Top of STORED DATA

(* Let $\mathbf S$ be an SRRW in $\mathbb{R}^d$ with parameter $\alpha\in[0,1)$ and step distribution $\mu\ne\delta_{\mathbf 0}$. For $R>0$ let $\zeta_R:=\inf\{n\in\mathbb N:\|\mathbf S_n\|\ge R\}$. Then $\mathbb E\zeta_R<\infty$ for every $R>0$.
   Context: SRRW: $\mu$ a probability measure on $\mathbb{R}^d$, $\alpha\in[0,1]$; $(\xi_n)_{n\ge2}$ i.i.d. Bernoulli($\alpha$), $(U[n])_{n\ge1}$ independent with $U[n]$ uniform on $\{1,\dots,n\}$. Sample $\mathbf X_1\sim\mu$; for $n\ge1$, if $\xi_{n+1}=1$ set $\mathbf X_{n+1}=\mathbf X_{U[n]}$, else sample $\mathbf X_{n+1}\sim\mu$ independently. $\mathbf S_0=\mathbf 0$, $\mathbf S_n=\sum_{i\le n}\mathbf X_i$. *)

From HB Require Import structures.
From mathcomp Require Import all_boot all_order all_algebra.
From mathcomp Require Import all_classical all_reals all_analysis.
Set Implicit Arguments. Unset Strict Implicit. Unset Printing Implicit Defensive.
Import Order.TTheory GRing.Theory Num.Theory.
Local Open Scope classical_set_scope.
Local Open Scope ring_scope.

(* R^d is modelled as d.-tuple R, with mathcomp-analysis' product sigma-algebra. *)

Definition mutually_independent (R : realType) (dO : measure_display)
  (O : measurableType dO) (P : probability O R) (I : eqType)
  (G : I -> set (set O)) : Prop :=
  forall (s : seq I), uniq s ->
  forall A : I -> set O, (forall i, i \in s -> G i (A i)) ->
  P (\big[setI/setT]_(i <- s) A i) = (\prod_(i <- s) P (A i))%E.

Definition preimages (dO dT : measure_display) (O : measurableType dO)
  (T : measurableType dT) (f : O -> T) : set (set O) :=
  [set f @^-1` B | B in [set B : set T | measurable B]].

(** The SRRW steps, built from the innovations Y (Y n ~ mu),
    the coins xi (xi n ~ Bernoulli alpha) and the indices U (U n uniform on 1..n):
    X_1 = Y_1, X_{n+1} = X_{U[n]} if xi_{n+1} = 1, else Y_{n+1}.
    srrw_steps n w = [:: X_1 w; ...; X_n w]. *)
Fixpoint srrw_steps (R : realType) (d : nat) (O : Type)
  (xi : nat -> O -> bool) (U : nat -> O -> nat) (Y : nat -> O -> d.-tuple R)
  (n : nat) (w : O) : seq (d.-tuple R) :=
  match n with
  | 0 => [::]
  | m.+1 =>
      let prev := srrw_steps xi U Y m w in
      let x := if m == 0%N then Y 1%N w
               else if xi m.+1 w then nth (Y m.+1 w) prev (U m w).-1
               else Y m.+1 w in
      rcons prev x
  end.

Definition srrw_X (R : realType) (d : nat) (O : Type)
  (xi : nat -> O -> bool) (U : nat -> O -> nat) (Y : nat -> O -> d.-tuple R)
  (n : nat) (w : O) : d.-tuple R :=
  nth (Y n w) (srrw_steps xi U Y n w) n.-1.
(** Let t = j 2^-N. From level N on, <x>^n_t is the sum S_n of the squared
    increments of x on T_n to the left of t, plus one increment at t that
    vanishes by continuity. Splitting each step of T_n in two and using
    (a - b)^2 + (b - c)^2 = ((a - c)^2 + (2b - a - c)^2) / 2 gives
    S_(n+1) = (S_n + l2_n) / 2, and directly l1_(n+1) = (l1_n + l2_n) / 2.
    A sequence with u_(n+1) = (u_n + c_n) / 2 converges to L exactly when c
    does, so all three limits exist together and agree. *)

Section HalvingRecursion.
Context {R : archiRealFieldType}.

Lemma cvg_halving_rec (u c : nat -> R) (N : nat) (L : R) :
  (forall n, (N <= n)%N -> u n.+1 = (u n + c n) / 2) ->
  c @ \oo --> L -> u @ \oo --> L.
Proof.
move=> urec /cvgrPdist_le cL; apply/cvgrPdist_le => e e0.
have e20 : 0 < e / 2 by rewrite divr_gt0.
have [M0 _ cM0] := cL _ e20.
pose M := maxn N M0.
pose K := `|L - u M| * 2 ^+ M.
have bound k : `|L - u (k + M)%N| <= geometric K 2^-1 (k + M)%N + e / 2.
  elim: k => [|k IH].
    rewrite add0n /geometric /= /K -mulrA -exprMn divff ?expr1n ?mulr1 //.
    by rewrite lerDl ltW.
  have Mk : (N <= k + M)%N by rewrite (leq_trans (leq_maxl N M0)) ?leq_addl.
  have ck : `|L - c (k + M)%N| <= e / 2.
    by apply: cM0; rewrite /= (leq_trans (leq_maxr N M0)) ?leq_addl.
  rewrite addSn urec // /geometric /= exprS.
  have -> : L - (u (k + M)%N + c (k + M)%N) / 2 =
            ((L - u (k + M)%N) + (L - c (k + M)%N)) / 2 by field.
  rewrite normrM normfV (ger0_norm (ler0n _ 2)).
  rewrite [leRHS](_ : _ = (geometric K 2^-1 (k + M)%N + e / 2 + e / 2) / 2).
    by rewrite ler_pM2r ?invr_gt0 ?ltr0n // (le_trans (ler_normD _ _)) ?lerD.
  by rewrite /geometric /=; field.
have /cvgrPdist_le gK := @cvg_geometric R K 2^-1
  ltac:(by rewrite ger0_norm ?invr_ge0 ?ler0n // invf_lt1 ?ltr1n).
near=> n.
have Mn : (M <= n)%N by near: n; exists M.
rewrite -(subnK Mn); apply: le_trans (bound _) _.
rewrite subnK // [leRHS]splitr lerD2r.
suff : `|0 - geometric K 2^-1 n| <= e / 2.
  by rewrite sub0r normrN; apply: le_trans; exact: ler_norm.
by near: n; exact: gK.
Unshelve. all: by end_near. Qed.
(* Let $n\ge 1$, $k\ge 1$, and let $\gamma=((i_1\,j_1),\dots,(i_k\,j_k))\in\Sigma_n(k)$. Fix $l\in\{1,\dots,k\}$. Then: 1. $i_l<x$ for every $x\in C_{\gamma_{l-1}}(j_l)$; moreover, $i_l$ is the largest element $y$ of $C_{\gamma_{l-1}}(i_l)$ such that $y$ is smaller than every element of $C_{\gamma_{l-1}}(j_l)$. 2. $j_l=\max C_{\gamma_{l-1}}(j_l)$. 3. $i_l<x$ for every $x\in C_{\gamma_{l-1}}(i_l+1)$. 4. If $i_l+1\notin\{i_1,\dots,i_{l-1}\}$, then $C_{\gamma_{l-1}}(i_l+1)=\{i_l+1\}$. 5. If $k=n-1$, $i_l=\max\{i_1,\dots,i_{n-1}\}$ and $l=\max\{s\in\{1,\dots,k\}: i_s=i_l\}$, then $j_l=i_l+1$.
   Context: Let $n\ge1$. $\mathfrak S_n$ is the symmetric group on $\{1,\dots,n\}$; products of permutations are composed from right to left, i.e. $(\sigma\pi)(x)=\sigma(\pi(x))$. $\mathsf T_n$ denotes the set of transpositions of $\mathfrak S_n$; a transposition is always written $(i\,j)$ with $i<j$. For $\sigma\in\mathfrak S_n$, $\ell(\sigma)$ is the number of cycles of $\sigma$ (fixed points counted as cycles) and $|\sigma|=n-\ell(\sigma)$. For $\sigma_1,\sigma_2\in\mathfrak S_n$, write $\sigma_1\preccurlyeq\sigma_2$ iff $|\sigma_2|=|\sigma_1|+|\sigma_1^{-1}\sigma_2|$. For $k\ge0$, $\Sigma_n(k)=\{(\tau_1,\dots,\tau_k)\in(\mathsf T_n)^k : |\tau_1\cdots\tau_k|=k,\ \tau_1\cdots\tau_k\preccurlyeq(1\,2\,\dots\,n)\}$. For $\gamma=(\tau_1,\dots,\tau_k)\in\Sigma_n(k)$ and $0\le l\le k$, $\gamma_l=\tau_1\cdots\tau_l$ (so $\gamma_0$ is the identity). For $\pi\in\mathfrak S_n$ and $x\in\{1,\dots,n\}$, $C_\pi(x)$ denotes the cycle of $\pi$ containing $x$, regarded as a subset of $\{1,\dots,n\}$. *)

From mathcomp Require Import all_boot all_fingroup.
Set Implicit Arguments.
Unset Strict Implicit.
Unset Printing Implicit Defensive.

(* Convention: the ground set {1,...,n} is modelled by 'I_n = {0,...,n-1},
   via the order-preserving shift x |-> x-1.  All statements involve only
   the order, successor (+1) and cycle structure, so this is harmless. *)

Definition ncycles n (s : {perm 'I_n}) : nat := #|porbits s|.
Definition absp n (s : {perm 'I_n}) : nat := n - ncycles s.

Bottom of STORED DATA

- _YOUR ASSIGNMENT_:
From the data above, copy each line that holds "urec".

- _ANSWER BOX_:
move=> urec /cvgrPdist_le cL; apply/cvgrPdist_le => e e0.
  rewrite addSn urec // /geometric /= exprS.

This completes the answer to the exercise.